Несмотря на свою большую занятость в июне 1879 года у доктора Хоара, в первые недели работы Артур Конан Дойл, рискуя своей жизнью, решил провести на себе опасный эксперимент9. Еще до этого он страдал от невралгии и несколько раз принимал болеутоляющее средство алкалоид гельземиум10. Это лекарство было получено из Gelseminum sempervirens (позже его стали называть просто гельземиум), вьющегося растения с желтоватыми цветками, которое произрастает в тропических и субтропических лесах Центральной и Южной Америки.
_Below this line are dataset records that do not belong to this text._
(* Let $X,Y$ be Banach lattices and $S\colon X\to Y$ convex. Then the following are equivalent: (i) $S$ is continuous; (ii) for every $x\in X$ there exists $r>0$ such that $\|S_x\|_r<\infty$.
   Context: An operator $S\colon X\to Y$ is convex if $S(\lambda x+(1-\lambda)y)\le\lambda Sx+(1-\lambda)Sy$ for all $x,y\in X$, $\lambda\in[0,1]$. $S_xy:=S(x+y)-Sx$ for $x,y\in X$, and $\|T\|_r:=\sup_{\|y\|\le r}\|Ty\|$. *)

From HB Require Import structures.
From mathcomp Require Import all_boot all_order all_algebra.
From mathcomp Require Import all_classical all_reals all_analysis.
Set Implicit Arguments. Unset Strict Implicit. Unset Printing Implicit Defensive.
Import Order.TTheory GRing.Theory Num.Theory.
Import numFieldNormedType.Exports.
Local Open Scope ring_scope.

Definition is_sup (T : Type) (le : T -> T -> Prop) (x y z : T) : Prop :=
  [/\ le x z, le y z & forall w, le x w -> le y w -> le z w].

(* A Banach lattice: a real Banach space X (completeNormedModType over a
   realType) with a partial order le that is a lattice order (every pair has
   a supremum), compatible with the vector operations, and such that
   |x| <= |y| implies ||x|| <= ||y||, where |x| = x \/ (-x). *)
Definition banach_lattice (R : realType) (X : completeNormedModType R)
    (le : X -> X -> Prop) : Prop :=
  [/\ (forall x, le x x),
      (forall x y, le x y -> le y x -> x = y),
      (forall x y z, le x y -> le y z -> le x z)
    & (forall x y, exists z, is_sup le x y z)] /\
  [/\
      (forall x y z, le x y -> le (x + z) (y + z)),
      (forall (a : R) x y, 0 <= a -> le x y -> le (a *: x) (a *: y))
    & (forall x y ax ay, is_sup le x (- x) ax -> is_sup le y (- y) ay ->
         le ax ay -> `|x| <= `|y|)].

Definition convex_op (R : realType) (X Y : normedModType R)
    (leY : Y -> Y -> Prop) (S : X -> Y) : Prop :=
  forall (x y : X) (l : R), 0 <= l <= 1 ->
    leY (S (l *: x + (1 - l) *: y)) (l *: S x + (1 - l) *: S y).

Definition Sx (R : realType) (X Y : normedModType R) (S : X -> Y) (x : X)
  : X -> Y := fun y => S (x + y) - S x.

(* ||T||_r < oo, i.e. sup_{||y|| <= r} ||T y|| is finite *)
Definition bounded_on_ball (R : realType) (X Y : normedModType R)
    (T : X -> Y) (r : R) : Prop :=
  exists M : R, forall y : X, `|y| <= r -> `|T y| <= M.

(* For 0 < t <= 1, convexity of S along the segment from x to x + y/t gives
   S_x y <= t S_x (y/t), and convexity at the midpoint of x - y and x + y gives
   - S_x (-y) <= S_x y.  With t = ||y||/r this squeezes S_x y between two
   vectors of norm at most t ||S_x||_r, and since the norm of a Banach lattice
   is monotone for |.|, ||S_x y|| <= 2 ||S_x||_r ||y|| / r.  Hence a bounded
   ||S_x||_r makes S continuous at x; the converse is continuity at x itself. *)
From HB Require Import structures.
From mathcomp Require Import all_boot all_order all_algebra.
From mathcomp Require Import all_classical all_reals all_analysis.
From mathcomp Require Import ring lra.
Set Implicit Arguments. Unset Strict Implicit. Unset Printing Implicit Defensive.
Import Order.TTheory GRing.Theory Num.Theory.
Import numFieldNormedType.Exports.
Local Open Scope ring_scope.

Section BanachLattice.
Variables (R : realType) (Y : completeNormedModType R) (le : Y -> Y -> Prop).
Hypothesis bl : banach_lattice le.

Lemma lat_le_refl (x : Y) : le x x.
Proof. by case: bl => -[refl _ _ _]. Qed.

Lemma lat_le_trans (x y z : Y) : le x y -> le y z -> le x z.
Proof. by case: bl => -[_ _ trans _] _; apply: trans. Qed.

Lemma lat_sup_ex (x y : Y) : exists z, is_sup le x y z.
Proof. by case: bl => -[_ _ _ sup]. Qed.

Lemma lat_leD2r (x y z : Y) : le x y -> le (x + z) (y + z).
Proof. by case: bl => _ -[addc _ _]; apply: addc. Qed.

Lemma lat_leZ2l (a : R) (x y : Y) : 0 <= a -> le x y -> le (a *: x) (a *: y).
Proof. by case: bl => _ -[_ scalc _]; apply: scalc. Qed.

Lemma lat_leN2 (x y : Y) : le x y -> le (- y) (- x).
Proof.
by move=> /(lat_leD2r (- x - y)); rewrite addrA subrr add0r addrCA subrr addr0.
Qed.

Lemma lat_abs_ge0 (x u : Y) : is_sup le x (- x) u -> le 0 u.
Proof.
case=> xu Nxu _.
have u2_ge0 : le 0 (u + u).
  apply: (@lat_le_trans _ (u - x)); first by rewrite -(subrr x); exact: lat_leD2r.
  by rewrite addrC; exact: lat_leD2r.
have u2K : (2^-1 : R) *: (u + u) = u.
  by rewrite -mulr2n -[u *+ 2]scaler_nat scalerA mulVf ?scale1r // pnatr_eq0.
by rewrite -u2K -(scaler0 _ 2^-1); apply: lat_leZ2l; rewrite ?invr_ge0.
Qed.

Lemma lat_norm_le_abs (x u v w : Y) :
  is_sup le x (- x) u -> is_sup le v (- v) w -> le u w -> `|x| <= `|v|.
Proof. by case: bl => _ -[_ _ normc]; apply: normc. Qed.

(* The modulus u of x is positive, hence its own modulus. *)
Lemma lat_norm_abs_le (x u : Y) : is_sup le x (- x) u -> `|u| <= `|x|.
Proof.
move=> xu; have u_ge0 := lat_abs_ge0 xu.
have [w uw] := lat_sup_ex u (- u).
apply: (lat_norm_le_abs uw xu); case: uw => _ _; apply; first exact: lat_le_refl.
by apply: (lat_le_trans _ u_ge0); rewrite -oppr0; exact: lat_leN2.
Qed.

Lemma lat_norm_between (a z b : Y) : le a z -> le z b -> `|z| <= `|a| + `|b|.
Proof.
move=> az zb.
have [u au] := lat_sup_ex a (- a); have [v bv] := lat_sup_ex b (- b).
have [p zp] := lat_sup_ex z (- z); have [q uvq] := lat_sup_ex (u + v) (- (u + v)).
have u_le : le u (u + v).
  by have := lat_leD2r u (lat_abs_ge0 bv); rewrite add0r addrC.
have v_le : le v (u + v) by have := lat_leD2r v (lat_abs_ge0 au); rewrite add0r.
have z_le : le z (u + v).
  by apply: (lat_le_trans _ v_le); apply: (lat_le_trans zb); case: bv.
have Nz_le : le (- z) (u + v).
  by apply: (lat_le_trans _ u_le); apply: (lat_le_trans (lat_leN2 az)); case: au.
have z_le_uv : `|z| <= `|u + v|.
  apply: (lat_norm_le_abs zp uvq); case: zp => _ _ /(_ _ z_le Nz_le) p_le.
  by apply: (lat_le_trans p_le); case: uvq.
apply: (le_trans z_le_uv); apply: le_trans (ler_normD _ _) _.
by apply: lerD; [exact: lat_norm_abs_le au | exact: lat_norm_abs_le bv].
Qed.

End BanachLattice.

Section ConvexOperator.
Variables (R : realType) (X : normedModType R) (Y : completeNormedModType R).
Variables (le : Y -> Y -> Prop) (S : X -> Y).
Hypotheses (bl : banach_lattice le) (cvxS : convex_op le S).

Lemma Sx_le_scale (t : R) (x y : X) :
  0 < t <= 1 -> le (Sx S x y) (t *: Sx S x (t^-1 *: y)).
Proof.
move=> /andP[t_gt0 t_le1].
have t_itv : 0 <= t <= 1 by rewrite (ltW t_gt0) t_le1.
have := cvxS (x + t^-1 *: y) x t_itv.
have -> : t *: (x + t^-1 *: y) + (1 - t) *: x = x + y.
  rewrite scalerDr scalerA mulfV ?gt_eqF // scale1r scalerBl scale1r.
  by rewrite addrAC addrCA subrr addr0 addrC.
move=> /(lat_leD2r bl (- S x)); rewrite /Sx.
by rewrite scalerBr scalerBl scale1r addrCA [_ + _ - S x]addrC addKr.
Qed.

Lemma SxN_le (x y : X) : le (- Sx S x (- y)) (Sx S x y).
Proof.
have half_le1 : 0 <= (2^-1 : R) <= 1.
  by rewrite invr_ge0 ler0n /= invf_le1 // ler1n.
have := cvxS (x + y) (x - y) half_le1.
have -> : (1 - 2^-1 : R) = 2^-1 by lra.
rewrite -scalerDr addrACA subrr addr0 -mulr2n -[x *+ 2]scaler_nat scalerA.
rewrite mulVf ?pnatr_eq0 // scale1r => /(lat_leZ2l bl (ler0n _ 2)).
rewrite scalerDr !scalerA mulfV ?pnatr_eq0 // !scale1r scaler_nat mulr2n.
move=> /(lat_leD2r bl (- S x - S (x - y))); rewrite /Sx.
by rewrite addrACA subrr add0r opprB addrACA subrr addr0.
Qed.

Lemma norm_Sx_le (x : X) (r M : R) :
  0 < r -> (forall y, `|y| <= r -> `|Sx S x y| <= M) ->
  forall y, `|y| <= r -> `|Sx S x y| <= 2 * M / r * `|y|.
Proof.
move=> r_gt0 SxM y y_le_r.
have [->|y_neq0] := eqVneq y 0; first by rewrite /Sx addr0 subrr !normr0 mulr0.
pose t := `|y| / r.
have t_gt0 : 0 < t by rewrite divr_gt0 ?normr_gt0.
have t_itv : 0 < t <= 1 by rewrite t_gt0 ler_pdivrMr // mul1r.
have SxM_t w : `|w| = `|y| -> `|t *: Sx S x (t^-1 *: w)| <= t * M.
  move=> wy; rewrite normrZ gtr0_norm //; apply/ler_wpM2l/SxM; first exact: ltW.
  by rewrite normrZ gtr0_norm ?invr_gt0 // wy /t invf_div divfK ?normr_eq0.
have lo := lat_leN2 bl (Sx_le_scale x (- y) t_itv).
apply: le_trans (lat_norm_between bl (lat_le_trans bl lo (SxN_le x y))
  (Sx_le_scale x y t_itv)) _.
have -> : 2 * M / r * `|y| = t * M + t * M by rewrite /t; field; rewrite gt_eqF.
by rewrite normrN; apply: lerD; apply: SxM_t; rewrite ?normrN.
Qed.

End ConvexOperator.

Lemma Sx_bounded_of_continuous (R : realType) (X Y : normedModType R)
    (S : X -> Y) (x : X) :
  {for x, continuous S} -> exists2 r : R, 0 < r & bounded_on_ball (Sx S x) r.
Proof.
move=> /cvgrPdist_lt /(_ 1 ltr01) /nbhs_ballP [e e_gt0 Sx_lt1].
exists (e / 2); first by rewrite divr_gt0.
exists 1 => y y_le; rewrite /Sx distrC; apply/ltW/Sx_lt1.
rewrite -ball_normE /ball_ /= opprD addNKr normrN.
by apply: le_lt_trans y_le _; rewrite ltr_pdivrMr // ltr_pMr // ltr1n.
Qed.

Lemma continuous_at_of_norm_le_linear (R : realType) (X Y : normedModType R)
    (f : X -> Y) (x : X) (r K : R) :
  0 < r -> (forall z, `|z - x| <= r -> `|f z - f x| <= K * `|z - x|) ->
  {for x, continuous f}.
Proof.
move=> r_gt0 fK; apply/cvgrPdist_le => e e_gt0.
pose d := Num.min r (e / (`|K| + 1)).
have d_gt0 : 0 < d by rewrite lt_min r_gt0 divr_gt0 // ltr_wpDl.
apply/nbhs_ballP; exists d => // z.
rewrite -ball_normE /ball_ /= lt_min distrC => /andP[/ltW zr ze].
rewrite distrC; apply: le_trans (fK _ zr) _.
apply: (le_trans (ler_wpM2r (normr_ge0 _) (ler_norm K))).
apply: (le_trans (ler_wpM2l (normr_ge0 K) (ltW ze))).
by rewrite mulrA ler_pdivrMr ?ltr_wpDl //; nra.
Qed.

Theorem lemmaA2 (R : realType) (X Y : completeNormedModType R)
    (leX : X -> X -> Prop) (leY : Y -> Y -> Prop) (S : X -> Y) :
  banach_lattice leX -> banach_lattice leY -> convex_op leY S ->
  (continuous S <-> forall x : X, exists2 r : R, 0 < r & bounded_on_ball (Sx S x) r).
Proof.
move=> _ blY cvxS; split => [contS x | Sx_bounded x].
  exact: Sx_bounded_of_continuous (contS x).
have [r r_gt0 [M SxM]] := Sx_bounded x.
apply: (continuous_at_of_norm_le_linear (K := 2 * M / r) r_gt0) => z zr.
by have := norm_Sx_le blY cvxS r_gt0 SxM zr; rewrite /Sx [x + _]addrC subrK.
Qed.
Lemma Series_ge_term (a : nat -> R) k :
  ex_series a -> (forall n, 0 <= a n) -> a k <= Series a.
Proof.
  revert a. induction k as [|k IH]; intros a Ha Hnn;
    assert (Ha1 := proj1 (ex_series_incr_1 a) Ha);
    rewrite Series_incr_1 by exact Ha.
  - assert (Htail := Series_nonneg _ Ha1 (fun n => Hnn (S n))). lra.
  - assert (Htail := IH _ Ha1 (fun n => Hnn (S n))). assert (H0 := Hnn 0%nat). lra.
Qed.

Lemma Series_pos (a : nat -> R) : ex_series a -> (forall n, 0 < a n) -> 0 < Series a.
Proof.
  intros Ha Hpos.
  apply (Rlt_le_trans _ (a 0%nat)); [apply Hpos|].
  apply Series_ge_term; auto. intros n. left. apply Hpos.
Qed.

Lemma Series_not_ex_series (a : nat -> R) :
  (forall n, 0 <= a n) -> ~ ex_series a -> Series a = 0.
Proof.
  intros Hnn Hdiv. unfold Series.
  assert (Hlim : ex_lim_seq (sum_n a)).
  { apply ex_lim_seq_incr. intros n. rewrite sum_Sn. specialize (Hnn (S n)).
    unfold plus; simpl. lra. }
  apply Lim_seq_correct in Hlim.
  destruct (Lim_seq (sum_n a)) as [l| |]; try reflexivity.
  exfalso. apply Hdiv. exists l. exact Hlim.
Qed.
(* A set $F$ of pairs $(K,a)$ ($K$ a graph, $a\in\mathbb{Z}_2^{*V(K)}$, taken up to isomorphism) is an easy full graph fibration if and only if $F(K)$ is a normal subgroup of $\mathbb{Z}_2^{*V(K)}$ for every graph $K$ and, for every graph homomorphism $\phi\colon H\to K$ between any two graphs, $\phi(F(H))\subset F(K)$.
   Context: Graphs are finite, undirected, without multiple edges, loops allowed, considered up to isomorphism; $N_k$ is the edgeless graph on $k$ vertices. A graph homomorphism is a vertex map sending edges (including loops) to edges. For a set $V$, $\mathbb{Z}_2^{*V}$ is the group generated by $V$ subject to $v^2=e$; a map $\phi\colon V\to V'$ induces a homomorphism $\mathbb{Z}_2^{*V}\to\mathbb{Z}_2^{*V'}$, also denoted $\phi$. Pairs are taken up to the equivalence $(K,a)\equiv(K',\phi(a))$ for isomorphisms $\phi\colon K\to K'$, and $F(K):=\{a\mid (K,a)\in F\}$. For a partition $\pi$ of $V(K)$, the quotient $K/\pi$ has the blocks as vertices with an edge between two (possibly equal) blocks iff $K$ has an edge between some of their elements; $q_\pi\colon V(K)\to V(K/\pi)$ the quotient map. A vertex overlap of graphs $K,H$ is a subset $f\subset V(K)\times V(H)$ in which each vertex occurs at most once; $K\cup_fH$ is the quotient of $K\sqcup H$ identifying $v$ with $w$ for $(v,w)\in f$; $f_K,f_H$ are the induced maps into $V(K\cup_fH)$. A graph fibration is such a set $F$ with $(N_0,e),(N_1,e)\in F$ and: (F1) each $F(K)$ is empty or a normal subgroup; (F2) $\phi(F(K))=F(K)$ for every automorphism $\phi$ of $K$; (F3) if $(K,a),(H,b)\in F$ and $f$ is a vertex overlap, then $(K\cup_fH,f_K(a)f_H(b))\in F$. It is full if $F(K)\ne\emptyset$ for all graphs $K$, and easy if (F4): for $F(K)\neq\emptyset$ and every partition $\pi$ of $V(K)$, $q_\pi(F(K))\subset F(K/\pi)$. *)

From mathcomp Require Import all_boot.
Set Implicit Arguments. Unset Strict Implicit. Unset Printing Implicit Defensive.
В обиходе его еще называли то «вечерний горн» (по форме цветка, напоминающего раструб музыкального инструмента), то «желтый жасмин». Практически все части этого растения содержали большое количество алкалоидов семейства стрихнинов11. После первых доз этого лекарства боль не утихала, поэтому Артур решил превысить предписанную дозу: симптомов отравления он при этом не наблюдал.
Альфред Баринг Гаррод подробно описал гельземиум в своем справочнике «Materia Medica» («Фармакология»). В своем экземпляре этой книги Артур Конан Дойл сделал собственную запись о данном препарате, которую он озаглавил «Tinctura Gelsemii». В ней Артур подчеркнул основные моменты в соответствующей статье Гаррода: «Применяется при различных формах невралгии, ревматизме и мышечных спазмах как седативное средство… Смерть может наступить в результате апноэ, из-за паралича дыхательных мышц». В разделе «Показания к применению» Артур добавил на полях: «Также при хорее и воспалениях».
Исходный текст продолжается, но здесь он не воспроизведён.